The problem of anti-intellectualism is not than much of dearth of sociological imagination, but sociological imagination of a wrong kind. Anti-intellectualism is a form of linking personal biography with history, albeit in a twisted and factually inaccurate way. More specifically, it is blaming the wrong social forces and identifying wrong social issues as causes of ones personal problems. I often met people who were far from failing to search beyond personal experiences to explain their own predicaments - they were quite determined to look for social causes. They did have a sociological imagination, to be sure, albeit very misguided one.
Here is an example. I started a conversation with a man on a Greyhound bus that quickly turned into politics, or rather Bush bashing. It was quite rewarding to hear this blue collar Pennsylvania guy bitching how the Republicans are destroying this country, until he stated Blacks were partially responsible for that. This completely threw me off, and I asked for a clarification. He explained that we have Bush because - and this is not a typo - Blacks overwhelmingly vote for Republicans.
Ridiculous as it may sound, this is actually the mechanism behind anti-intellectualism - linking personal troubles with wrong social forces. Most people are not dumb, they understand that their personal lives are affected by larger social forces. Where they fail however, is that they take "fast food for thought" explanations of those connections - just as they go to a fast food joint when they are hungry instead of looking for a better value. They do it because it is the easiest and most familiar way - go with what they think everyone else around them believes or eats. By that logic, if people are looking for sociological answers to their personal troubles, they do not think critically but rather grab the first available answer, no matter how ridiculous: "Blacks voting Republican" "Intellectuals destroying America" on the right, as well as a myriad of conspiracy theories and off the shelf "systemic" explanations found on the left.

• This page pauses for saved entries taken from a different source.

(* For every Stone space $X$ the Heisenberg group $H_X=(\mathbb{Z}_2\oplus V)\rtimes V^{*}$ is a minimal and non-archimedean topological group.
   Context: A Stone space is a compact zero-dimensional Hausdorff space. $\mathbb{Z}_2$ is the discrete two-element group. $V=C(X,\mathbb{Z}_2)$ is the Boolean group of continuous maps $X\to\mathbb{Z}_2$ (equivalently, clopen subsets of $X$ under symmetric difference) with the discrete topology. $V^*=\mathrm{Hom}(V,\mathbb{Z}_2)$ is the group of all homomorphisms $V\to\mathbb{Z}_2$ with the topology of pointwise convergence (a compact subgroup of $\mathbb{Z}_2^V$). $H_X$ is the set $\mathbb{Z}_2\times V\times V^*$ with the product topology and multiplication $(a_1,x_1,f_1)(a_2,x_2,f_2)=(a_1+a_2+f_1(x_2),\,x_1+x_2,\,f_1+f_2)$. A Hausdorff topological group is minimal if it admits no strictly coarser Hausdorff group topology. A topological group is non-archimedean if it has a local base at the identity consisting of open subgroups. *)

From Stdlib Require Import List Bool Classical FunctionalExtensionality PropExtensionality.
Set Implicit Arguments.

Definition is_topology {T : Type} (O : (T -> Prop) -> Prop) : Prop :=
  O (fun _ => True) /\
  (forall U W, O U -> O W -> O (fun x => U x /\ W x)) /\
  (forall F : (T -> Prop) -> Prop,
      (forall U, F U -> O U) -> O (fun x => exists U, F U /\ U x)).

Definition continuous {A B : Type} (OA : (A -> Prop) -> Prop)
  (OB : (B -> Prop) -> Prop) (f : A -> B) : Prop :=
  forall U, OB U -> OA (fun x => U (f x)).

Definition hausdorff {T : Type} (O : (T -> Prop) -> Prop) : Prop :=
  forall x y : T, x <> y ->
    exists U W, O U /\ O W /\ U x /\ W y /\ (forall z, ~ (U z /\ W z)).
Lemma gN x : g (- x) = g x.
Proof. by rewrite -scaleN1r gZ normrN normr1 mul1r. Qed.

Lemma g_ge0 x : 0 <= g x.
Proof. by have := gD x (- x); rewrite subrr g0 gN => h; lra. Qed.

Lemma g_gt0 x : x != 0 -> 0 < g x.
Proof. by move=> x0; rewrite lt_def g_ge0 andbT; apply: contra x0 => /eqP/g_eq0->. Qed.

Lemma gZp t x : 0 <= t -> g (t *: x) = t * g x.
Proof. by move=> t0; rewrite gZ ger0_norm. Qed.

Lemma gB x y : g x - g y <= g (x - y).
Proof. by have := gD (x - y) y; rewrite subrK => h; lra. Qed.

Lemma g_sum (I : Type) (r : seq I) (F : I -> vec) :
  g (\sum_(i <- r) F i) <= \sum_(i <- r) g (F i).
Proof.
elim: r => [|a r IH]; first by rewrite !big_nil g0.
by rewrite !big_cons; apply: le_trans (gD _ _) _; exact: lerD.
Qed.

Lemma ball_g_normalize x : x != 0 -> ball_g g ((g x)^-1 *: x).
Proof.
move=> x0; have gx := g_gt0 x0.
by rewrite /ball_g /= gZp ?invr_ge0 ?(ltW gx) // mulVf ?gt_eqF.
Qed.

Lemma g_le_mx_norm : exists K, 0 <= K /\ forall x, g x <= K * `|x|.
Proof.
exists (\sum_i g (delta_mx 0 i)); split; first by apply: sumr_ge0 => i _; exact: g_ge0.
move=> x; rewrite {1}(row_sum_delta x); apply: le_trans (g_sum _ _) _.
rewrite mulr_suml; apply: ler_sum => i _.
by rewrite gZ mulrC ler_wpM2l ?g_ge0 // normr_coord_le.
Qed.

Lemma g_continuous : continuous g.
Proof.
have [K [K0 HK]] := g_le_mx_norm; apply: (lipschitz_continuous_rV K0) => x y.
have := gB y x; have := gB x y; rewrite -[x - y]opprB gN => h1 h2.
by apply: le_trans (HK _); rewrite ler_norml; apply/andP; split; lra.
Qed.

(* [g] attains a positive minimum on the compact unit sphere of the max-norm. *)
Lemma mx_norm_le_g : exists M, 0 <= M /\ forall x : vec, `|x| <= M * g x.
Proof.
pose S := [set x : vec | `|x| = 1].
have unitS x : x != 0 -> S (`|x|^-1 *: x).
  by move=> x0; rewrite /S /= normrZ normrV ?unitfE ?normr_eq0 // normr_id mulVf ?normr_eq0.
have [S0|S0] := pselect (S !=set0); last first.
  exists 0; split => // x; have [->|x0] := eqVneq x 0; first by rewrite normr0 mul0r.
  by case: S0; exists (`|x|^-1 *: x); exact: unitS.
have cS : compact S.
  apply: bounded_closed_compact.
    by exists 1; split; [exact: num_real | move=> M hM x /= ->; rewrite ltW].
  apply: (@preimage_closed _ _ (fun x : vec => `|x|) [set 1]); last exact: closed_eq.
  by move=> x _; exact: norm_continuous.
have [c /[!inE] Sc cmin] := EVT_min_rV S0 cS (continuous_subspaceT g_continuous).
have gc : 0 < g c.
  apply: g_gt0; apply/eqP => c0.
  by move: Sc; rewrite c0 /S /= normr0 => /esym/eqP; rewrite oner_eq0.
exists (g c)^-1; split; first by rewrite invr_ge0 ltW.
move=> x; have [->|x0] := eqVneq x 0; first by rewrite normr0 g0 mulr0.
have := cmin _ (mem_set (unitS x x0)); rewrite gZp ?invr_ge0 //.
by rewrite ler_pdivlMl ?normr_gt0 // mulrC -ler_pdivlMl.
Qed.

Lemma coord_le_g : exists M, 0 <= M /\ forall (x : vec) i, `|x 0 i| <= M * g x.
Proof.
have [M [M0 HM]] := mx_norm_le_g; exists M; split => // x i.
exact: le_trans (normr_coord_le _ _) (HM x).
Qed.
Lemma lrun_recv t c y w q : size t < n -> reach c0 t c -> sync_invariant t c ->
  c.2 (src y, dst y) = y :: w -> delta S (dst y) (c.1 (dst y)) (Recv y) q ->
  lrun (dst y) (q0 S (dst y)) (proj_upto (dst y) (nrecv (dst y) t).+1 (sends t)) q.
Proof.
move=> Hsz Hr [HL Hrun] Hw Hd.
have Hr' : reach c0 (rcons t (Recv y)) (upd_state c (dst y) q, upd_chan c (src y, dst y) w).
  by apply/reach_rcons; exists c => //; apply: step_recv Hw Hd.
have := ring_chan_reach y Hr; rewrite Hw => /split_send [ta [tb [Et Hta _]]]; subst t.
have Hcnt : count (fun m => dst m == dst y) (sends ta) = nrecv (dst y) (ta ++ Send y :: tb).
  by rewrite -size_filter Hta size_filter.
have Hupto k :
    proj_upto (dst y) (nrecv (dst y) (ta ++ Send y :: tb) + k) (sends (ta ++ Send y :: tb))
    = proj (dst y) (sends ta) ++ proj_upto (dst y) k (y :: sends tb).
  by rewrite sends_cat proj_upto_cat -Hcnt addKn proj_upto_full // leq_addr.
have [w1 [HL1 Hw1 Hp]] := exists_recv_free_suffix Hsz Hr' HL Hcnt.
have Hrun_y := Hrun (dst y).
rewrite -[nrecv _ _]addn0 Hupto /= (negbTE (src_neq_dst y)) eqxx -Hp -proj_cat in Hrun_y.
have := lrun_recv_pending HL1 Hw1 Hrun_y Hd.
by rewrite -addn1 Hupto proj_cat proj_cons proj_msg_dst /= (negbTE (src_neq_dst y)) eqxx Hp.
Qed.

Lemma sync_invariant_step t c x c' : size t < n -> reach c0 t c -> sync_invariant t c ->
  step c x c' -> sync_invariant (rcons t x) c'.
Proof.
move=> Hsz Hr Hinv Hs; have [HL Hrun] := Hinv.
rewrite /sync_invariant /nrecv sends_rcons recvs_rcons.
inversion Hs as [? a q Hd|? y q w Hw Hd]; subst => /=; rewrite cats0.
  split; first by rewrite cats1; apply: sync_feasible_send Hsz Hr Hinv Hd.
  move=> j; rewrite proj_upto_cat -/(nrecv j t).
  have /eqP -> : nrecv j t - count (fun m => dst m == j) (sends t) == 0.
    by rewrite subn_eq0 (nrecv_le_reach _ Hr).
  rewrite /= ffunE [src a == j]eq_sym; case: eqP => [->|_]; last by rewrite if_same cats0.
  by apply/lrun_cat; exists (c.1 (src a)) => //; apply: lrun_cons Hd (lrun_nil _ _).
split=> // j; rewrite count_cat -/(nrecv j t) /= ffunE [dst y == j]eq_sym.
case: eqP => [->|_]; last by rewrite !addn0.
by rewrite addn0 addn1; apply: lrun_recv Hsz Hr Hinv Hw Hd.
Qed.

End InductionStep.

Lemma reach_sync_invariant t c : reach c0 t c -> sync_invariant t c.
Proof.
have [n] := ubnP (size t); elim: n t c => // n IH.
case/lastP => [|t x] c Hsz Hr; first by inversion Hr; apply: sync_invariant_nil.
have /reach_rcons [c1 Hr1 Hs] := Hr; rewrite size_rcons ltnS in Hsz.
have feasible_short t' c' Ht' Hr' := (IH t' c' Ht' Hr').1.
exact: (sync_invariant_step feasible_short Hsz Hr1 (IH _ _ Hsz Hr1) Hs).
Qed.

Lemma ST_omega_ST0 o : ST_omega src dst S o -> ST src dst S 0 o.
Proof.
case: o => [u|u c] [t].
  by case=> -[k [_ [c Hr]]] <-; apply/ST0_seqP; case: (reach_sync_invariant Hr).
case=> -[k _] [<- [Hr Hst]]; apply: (lrun_ST0_pair Hr Hst) => j.
by case: (reach_sync_invariant Hr) => _ /(_ j); rewrite proj_upto_full // (nrecv_stable _ Hr Hst).
Qed.

End OneSynchronizable.

End Ring.

End Executions.

Theorem theorem4p15 (Sigma : finType) (N : nat) (src dst : Sigma -> 'I_N)
  (HN : 0 < N) (Hsd : forall a : Sigma, src a != dst a)
  (Hring : oriented_ring src dst)
  (Q : finType) (S : system Sigma N Q) :
  one_synchronizable src dst S <-> synchronizable src dst S.
Proof.
have ST0_omega o : ST src dst S 0 o -> ST_omega src dst S o.
  by apply: ST_of_mono => t Ht; exists 0.
have ST0_ST1 o : ST src dst S 0 o -> ST src dst S 1 o by apply: ST_of_mono => t; apply: T0_T1.
have ST1_omega o : ST src dst S 1 o -> ST_omega src dst S o.
  by apply: ST_of_mono => t Ht; exists 1.
split=> H o; split=> [|Ho]; [exact: ST0_omega | | exact: ST0_ST1 | ].
  exact: (ST_omega_ST0 Hsd Hring (fun o' => (H o').2)).
by apply/(H o); apply: ST1_omega.
Qed.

It is not dearth of sociological imagination, but high transaction costs of getting the right answers posed by that imagination. I think it was Schopenhauer who said that everyone wants to have an opinion, but not everyone knows how to form one. Enter the "fast food for thought" aka stock knowledge or beliefs circulating in the "folk wisdom," sometimes deliberately planted there by propaganda, that are takes for granted at their face value, without any critical examination of their truth value. Everyone falls into this trap, but not everyone is aware of it.